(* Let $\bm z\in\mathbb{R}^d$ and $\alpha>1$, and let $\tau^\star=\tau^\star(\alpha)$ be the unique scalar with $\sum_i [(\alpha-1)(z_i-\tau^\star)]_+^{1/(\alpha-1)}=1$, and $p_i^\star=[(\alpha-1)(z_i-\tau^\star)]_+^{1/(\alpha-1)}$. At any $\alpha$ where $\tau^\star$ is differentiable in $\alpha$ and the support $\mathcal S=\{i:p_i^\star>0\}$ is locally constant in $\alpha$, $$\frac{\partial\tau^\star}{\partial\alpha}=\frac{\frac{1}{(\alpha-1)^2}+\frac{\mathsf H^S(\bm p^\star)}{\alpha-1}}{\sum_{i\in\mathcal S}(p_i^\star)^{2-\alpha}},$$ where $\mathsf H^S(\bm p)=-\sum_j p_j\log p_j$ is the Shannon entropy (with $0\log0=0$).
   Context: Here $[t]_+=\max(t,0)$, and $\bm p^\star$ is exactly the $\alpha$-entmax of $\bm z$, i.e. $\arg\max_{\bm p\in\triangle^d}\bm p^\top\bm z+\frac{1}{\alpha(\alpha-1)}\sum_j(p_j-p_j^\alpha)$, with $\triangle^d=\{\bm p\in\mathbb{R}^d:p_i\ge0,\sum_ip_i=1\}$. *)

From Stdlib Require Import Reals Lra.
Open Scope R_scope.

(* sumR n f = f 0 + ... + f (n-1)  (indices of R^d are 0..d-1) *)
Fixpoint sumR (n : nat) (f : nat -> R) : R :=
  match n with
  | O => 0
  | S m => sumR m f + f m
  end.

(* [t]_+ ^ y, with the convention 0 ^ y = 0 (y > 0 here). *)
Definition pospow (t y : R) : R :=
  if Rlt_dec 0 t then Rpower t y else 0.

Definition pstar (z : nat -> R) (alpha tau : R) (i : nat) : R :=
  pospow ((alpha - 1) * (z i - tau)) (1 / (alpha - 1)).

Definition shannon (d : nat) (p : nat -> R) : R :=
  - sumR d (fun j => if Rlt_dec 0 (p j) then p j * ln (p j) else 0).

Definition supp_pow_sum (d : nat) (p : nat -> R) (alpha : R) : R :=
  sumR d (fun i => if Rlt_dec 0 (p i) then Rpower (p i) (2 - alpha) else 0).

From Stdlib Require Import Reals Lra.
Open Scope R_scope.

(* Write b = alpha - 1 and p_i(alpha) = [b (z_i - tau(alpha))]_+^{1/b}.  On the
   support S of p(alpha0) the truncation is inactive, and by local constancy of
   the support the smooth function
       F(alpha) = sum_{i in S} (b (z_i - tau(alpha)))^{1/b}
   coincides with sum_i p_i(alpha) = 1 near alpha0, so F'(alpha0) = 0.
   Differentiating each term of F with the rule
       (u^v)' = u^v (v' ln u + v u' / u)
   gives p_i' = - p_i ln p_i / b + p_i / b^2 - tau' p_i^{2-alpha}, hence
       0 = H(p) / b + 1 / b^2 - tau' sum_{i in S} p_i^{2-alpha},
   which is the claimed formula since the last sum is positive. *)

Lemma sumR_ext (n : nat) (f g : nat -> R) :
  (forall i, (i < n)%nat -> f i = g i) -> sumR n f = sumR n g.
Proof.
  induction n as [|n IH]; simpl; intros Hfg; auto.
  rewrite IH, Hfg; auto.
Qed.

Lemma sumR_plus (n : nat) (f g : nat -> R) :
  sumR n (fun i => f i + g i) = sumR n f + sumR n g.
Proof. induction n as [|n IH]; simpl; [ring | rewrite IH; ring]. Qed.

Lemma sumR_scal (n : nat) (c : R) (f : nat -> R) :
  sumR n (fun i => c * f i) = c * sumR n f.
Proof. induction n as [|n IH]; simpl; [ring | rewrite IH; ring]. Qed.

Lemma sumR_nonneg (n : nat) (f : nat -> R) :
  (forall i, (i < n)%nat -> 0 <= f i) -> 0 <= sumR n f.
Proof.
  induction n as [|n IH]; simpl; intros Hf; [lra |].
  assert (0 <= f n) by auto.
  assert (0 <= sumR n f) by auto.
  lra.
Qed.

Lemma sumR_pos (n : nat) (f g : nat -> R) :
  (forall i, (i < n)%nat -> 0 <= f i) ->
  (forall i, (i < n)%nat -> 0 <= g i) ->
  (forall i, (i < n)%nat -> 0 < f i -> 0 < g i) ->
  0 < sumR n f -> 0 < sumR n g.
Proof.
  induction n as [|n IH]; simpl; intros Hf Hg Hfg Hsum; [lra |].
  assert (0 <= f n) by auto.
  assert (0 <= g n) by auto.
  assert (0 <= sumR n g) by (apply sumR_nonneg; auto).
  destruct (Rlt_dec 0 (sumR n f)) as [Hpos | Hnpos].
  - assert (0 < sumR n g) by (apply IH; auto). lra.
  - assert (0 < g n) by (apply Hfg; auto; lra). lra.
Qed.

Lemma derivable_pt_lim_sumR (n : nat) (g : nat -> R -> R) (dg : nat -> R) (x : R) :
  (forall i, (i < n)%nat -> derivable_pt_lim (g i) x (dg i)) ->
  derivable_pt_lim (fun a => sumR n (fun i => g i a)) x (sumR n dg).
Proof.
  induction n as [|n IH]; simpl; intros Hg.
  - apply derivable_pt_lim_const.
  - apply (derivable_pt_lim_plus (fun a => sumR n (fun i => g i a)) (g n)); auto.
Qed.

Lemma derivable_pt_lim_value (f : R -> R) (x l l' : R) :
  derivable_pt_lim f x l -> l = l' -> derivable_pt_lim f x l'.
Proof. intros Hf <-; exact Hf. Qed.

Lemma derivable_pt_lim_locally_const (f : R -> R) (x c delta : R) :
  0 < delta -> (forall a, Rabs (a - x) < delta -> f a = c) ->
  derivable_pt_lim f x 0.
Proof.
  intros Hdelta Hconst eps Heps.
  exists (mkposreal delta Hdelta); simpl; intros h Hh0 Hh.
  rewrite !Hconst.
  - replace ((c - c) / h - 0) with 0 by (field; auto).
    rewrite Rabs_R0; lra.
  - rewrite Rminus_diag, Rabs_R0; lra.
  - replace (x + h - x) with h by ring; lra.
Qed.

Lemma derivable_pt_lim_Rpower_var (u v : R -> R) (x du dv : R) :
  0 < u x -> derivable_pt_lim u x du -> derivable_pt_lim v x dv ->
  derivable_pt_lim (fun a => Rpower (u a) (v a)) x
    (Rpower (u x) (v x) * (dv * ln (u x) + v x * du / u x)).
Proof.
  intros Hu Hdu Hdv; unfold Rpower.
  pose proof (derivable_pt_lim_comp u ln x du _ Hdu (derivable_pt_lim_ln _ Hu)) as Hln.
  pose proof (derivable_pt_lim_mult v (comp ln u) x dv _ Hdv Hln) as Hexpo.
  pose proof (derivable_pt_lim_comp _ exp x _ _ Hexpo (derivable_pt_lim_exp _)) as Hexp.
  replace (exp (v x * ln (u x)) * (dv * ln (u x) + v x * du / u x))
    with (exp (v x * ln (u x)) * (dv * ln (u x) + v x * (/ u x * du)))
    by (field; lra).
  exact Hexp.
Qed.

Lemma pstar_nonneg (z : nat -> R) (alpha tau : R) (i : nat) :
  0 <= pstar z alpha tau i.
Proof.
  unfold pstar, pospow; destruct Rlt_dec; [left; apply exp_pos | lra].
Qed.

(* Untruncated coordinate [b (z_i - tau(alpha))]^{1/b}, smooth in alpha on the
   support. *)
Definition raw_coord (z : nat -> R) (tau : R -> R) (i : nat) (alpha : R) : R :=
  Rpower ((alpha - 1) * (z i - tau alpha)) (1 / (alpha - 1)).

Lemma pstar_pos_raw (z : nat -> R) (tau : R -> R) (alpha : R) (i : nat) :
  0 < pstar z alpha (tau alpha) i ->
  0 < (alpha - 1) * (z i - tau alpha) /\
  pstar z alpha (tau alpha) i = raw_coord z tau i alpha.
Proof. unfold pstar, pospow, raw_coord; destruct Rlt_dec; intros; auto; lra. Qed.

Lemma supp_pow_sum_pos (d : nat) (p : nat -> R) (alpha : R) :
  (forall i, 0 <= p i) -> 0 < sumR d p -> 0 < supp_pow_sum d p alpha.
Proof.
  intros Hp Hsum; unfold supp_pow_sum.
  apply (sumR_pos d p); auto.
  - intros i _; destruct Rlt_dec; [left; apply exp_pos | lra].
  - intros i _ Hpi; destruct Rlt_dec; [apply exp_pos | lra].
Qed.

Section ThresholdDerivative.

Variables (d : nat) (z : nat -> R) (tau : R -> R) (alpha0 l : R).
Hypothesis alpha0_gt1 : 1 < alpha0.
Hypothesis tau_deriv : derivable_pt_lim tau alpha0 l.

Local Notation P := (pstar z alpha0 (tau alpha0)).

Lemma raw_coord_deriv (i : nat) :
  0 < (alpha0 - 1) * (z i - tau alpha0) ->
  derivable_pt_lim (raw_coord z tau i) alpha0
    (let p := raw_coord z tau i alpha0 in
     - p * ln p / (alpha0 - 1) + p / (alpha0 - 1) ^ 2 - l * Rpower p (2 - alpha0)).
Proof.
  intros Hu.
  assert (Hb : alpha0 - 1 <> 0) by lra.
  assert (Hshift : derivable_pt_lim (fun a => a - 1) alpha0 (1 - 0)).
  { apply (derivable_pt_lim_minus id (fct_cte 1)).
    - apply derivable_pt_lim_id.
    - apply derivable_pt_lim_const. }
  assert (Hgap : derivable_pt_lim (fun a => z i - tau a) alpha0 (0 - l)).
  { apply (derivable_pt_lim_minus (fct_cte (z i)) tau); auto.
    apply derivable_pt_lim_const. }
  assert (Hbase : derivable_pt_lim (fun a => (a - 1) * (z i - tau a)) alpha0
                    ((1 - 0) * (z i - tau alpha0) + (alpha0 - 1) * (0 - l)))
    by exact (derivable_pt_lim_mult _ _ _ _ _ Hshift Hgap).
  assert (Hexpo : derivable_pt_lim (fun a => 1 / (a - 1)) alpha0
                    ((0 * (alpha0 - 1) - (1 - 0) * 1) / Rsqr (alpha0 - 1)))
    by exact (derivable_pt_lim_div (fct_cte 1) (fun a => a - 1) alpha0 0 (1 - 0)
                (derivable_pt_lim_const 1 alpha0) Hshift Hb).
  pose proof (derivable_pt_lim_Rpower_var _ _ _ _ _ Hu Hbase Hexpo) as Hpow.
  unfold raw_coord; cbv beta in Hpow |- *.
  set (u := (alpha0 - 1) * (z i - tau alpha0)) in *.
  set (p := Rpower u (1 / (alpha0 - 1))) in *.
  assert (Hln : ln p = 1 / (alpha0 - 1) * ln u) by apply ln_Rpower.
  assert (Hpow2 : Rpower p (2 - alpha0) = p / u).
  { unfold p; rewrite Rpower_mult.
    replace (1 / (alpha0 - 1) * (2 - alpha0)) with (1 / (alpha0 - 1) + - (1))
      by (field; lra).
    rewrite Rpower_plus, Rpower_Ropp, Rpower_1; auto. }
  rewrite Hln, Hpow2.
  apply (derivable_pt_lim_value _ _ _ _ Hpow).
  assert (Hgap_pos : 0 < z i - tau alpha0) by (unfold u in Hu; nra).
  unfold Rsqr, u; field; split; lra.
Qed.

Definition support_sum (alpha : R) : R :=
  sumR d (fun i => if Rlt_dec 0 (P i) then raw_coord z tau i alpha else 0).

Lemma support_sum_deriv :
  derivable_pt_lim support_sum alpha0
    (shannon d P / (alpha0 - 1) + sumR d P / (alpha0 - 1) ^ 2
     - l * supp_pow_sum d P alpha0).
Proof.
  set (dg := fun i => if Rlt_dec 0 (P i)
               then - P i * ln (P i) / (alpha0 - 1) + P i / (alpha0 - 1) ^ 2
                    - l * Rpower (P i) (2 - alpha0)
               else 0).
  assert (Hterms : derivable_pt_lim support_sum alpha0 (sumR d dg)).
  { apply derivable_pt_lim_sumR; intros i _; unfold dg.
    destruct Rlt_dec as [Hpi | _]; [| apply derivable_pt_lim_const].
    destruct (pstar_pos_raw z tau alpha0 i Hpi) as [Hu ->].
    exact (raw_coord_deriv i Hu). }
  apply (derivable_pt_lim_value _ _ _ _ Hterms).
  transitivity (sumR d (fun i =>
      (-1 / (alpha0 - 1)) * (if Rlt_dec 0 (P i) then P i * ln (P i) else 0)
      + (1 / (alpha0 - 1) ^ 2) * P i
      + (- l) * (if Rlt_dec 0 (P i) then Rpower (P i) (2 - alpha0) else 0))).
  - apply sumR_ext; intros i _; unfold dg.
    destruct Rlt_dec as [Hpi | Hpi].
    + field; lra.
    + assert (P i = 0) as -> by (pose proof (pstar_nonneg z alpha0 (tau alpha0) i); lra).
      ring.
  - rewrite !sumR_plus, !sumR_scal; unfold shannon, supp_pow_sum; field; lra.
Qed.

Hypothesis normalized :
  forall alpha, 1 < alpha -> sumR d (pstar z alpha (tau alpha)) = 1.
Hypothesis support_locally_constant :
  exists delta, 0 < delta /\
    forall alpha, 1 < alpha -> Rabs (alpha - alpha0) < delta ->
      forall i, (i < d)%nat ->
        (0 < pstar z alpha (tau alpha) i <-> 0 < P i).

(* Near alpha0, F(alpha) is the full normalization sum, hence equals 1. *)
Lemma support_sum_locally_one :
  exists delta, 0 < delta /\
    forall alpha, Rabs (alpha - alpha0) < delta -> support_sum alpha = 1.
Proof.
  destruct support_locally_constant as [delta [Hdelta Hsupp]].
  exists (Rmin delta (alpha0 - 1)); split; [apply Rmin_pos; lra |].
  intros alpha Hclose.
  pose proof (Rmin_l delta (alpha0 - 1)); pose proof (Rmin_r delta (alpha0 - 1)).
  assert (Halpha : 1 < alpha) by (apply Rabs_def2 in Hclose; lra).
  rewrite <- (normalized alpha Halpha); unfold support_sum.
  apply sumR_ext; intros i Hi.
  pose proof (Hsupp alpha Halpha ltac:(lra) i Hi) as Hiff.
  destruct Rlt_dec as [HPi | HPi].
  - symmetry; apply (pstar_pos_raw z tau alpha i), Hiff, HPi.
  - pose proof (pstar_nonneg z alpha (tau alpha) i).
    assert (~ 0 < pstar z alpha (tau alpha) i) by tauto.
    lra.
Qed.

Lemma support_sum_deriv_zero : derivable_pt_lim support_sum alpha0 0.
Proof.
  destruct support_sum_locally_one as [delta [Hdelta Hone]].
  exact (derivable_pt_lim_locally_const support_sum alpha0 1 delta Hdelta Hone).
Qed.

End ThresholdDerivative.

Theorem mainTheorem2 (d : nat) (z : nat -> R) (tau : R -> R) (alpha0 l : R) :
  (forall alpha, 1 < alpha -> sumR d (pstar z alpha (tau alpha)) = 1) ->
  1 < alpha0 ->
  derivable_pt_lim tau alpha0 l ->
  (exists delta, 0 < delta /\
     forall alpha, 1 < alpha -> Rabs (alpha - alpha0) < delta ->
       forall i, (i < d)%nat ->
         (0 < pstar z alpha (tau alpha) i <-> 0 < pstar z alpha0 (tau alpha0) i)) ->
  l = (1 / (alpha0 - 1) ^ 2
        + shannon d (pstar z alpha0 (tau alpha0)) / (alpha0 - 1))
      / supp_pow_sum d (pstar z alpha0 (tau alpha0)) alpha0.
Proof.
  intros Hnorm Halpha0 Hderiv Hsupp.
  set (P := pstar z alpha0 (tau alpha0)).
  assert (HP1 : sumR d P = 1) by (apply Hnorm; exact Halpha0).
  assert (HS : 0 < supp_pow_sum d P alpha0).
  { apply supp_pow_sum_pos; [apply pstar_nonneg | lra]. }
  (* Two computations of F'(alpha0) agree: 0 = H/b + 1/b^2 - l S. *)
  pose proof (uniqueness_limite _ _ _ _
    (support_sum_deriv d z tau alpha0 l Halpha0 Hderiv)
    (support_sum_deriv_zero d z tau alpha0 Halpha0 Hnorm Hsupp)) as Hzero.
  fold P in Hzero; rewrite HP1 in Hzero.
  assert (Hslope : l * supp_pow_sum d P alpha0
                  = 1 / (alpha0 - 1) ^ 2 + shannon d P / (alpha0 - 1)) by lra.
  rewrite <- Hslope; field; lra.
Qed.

TASK STATEMENT:
Compute the number of lines above that contain the string "Hdelta". Reply with that value only.

EXERCISE SOLUTION:
5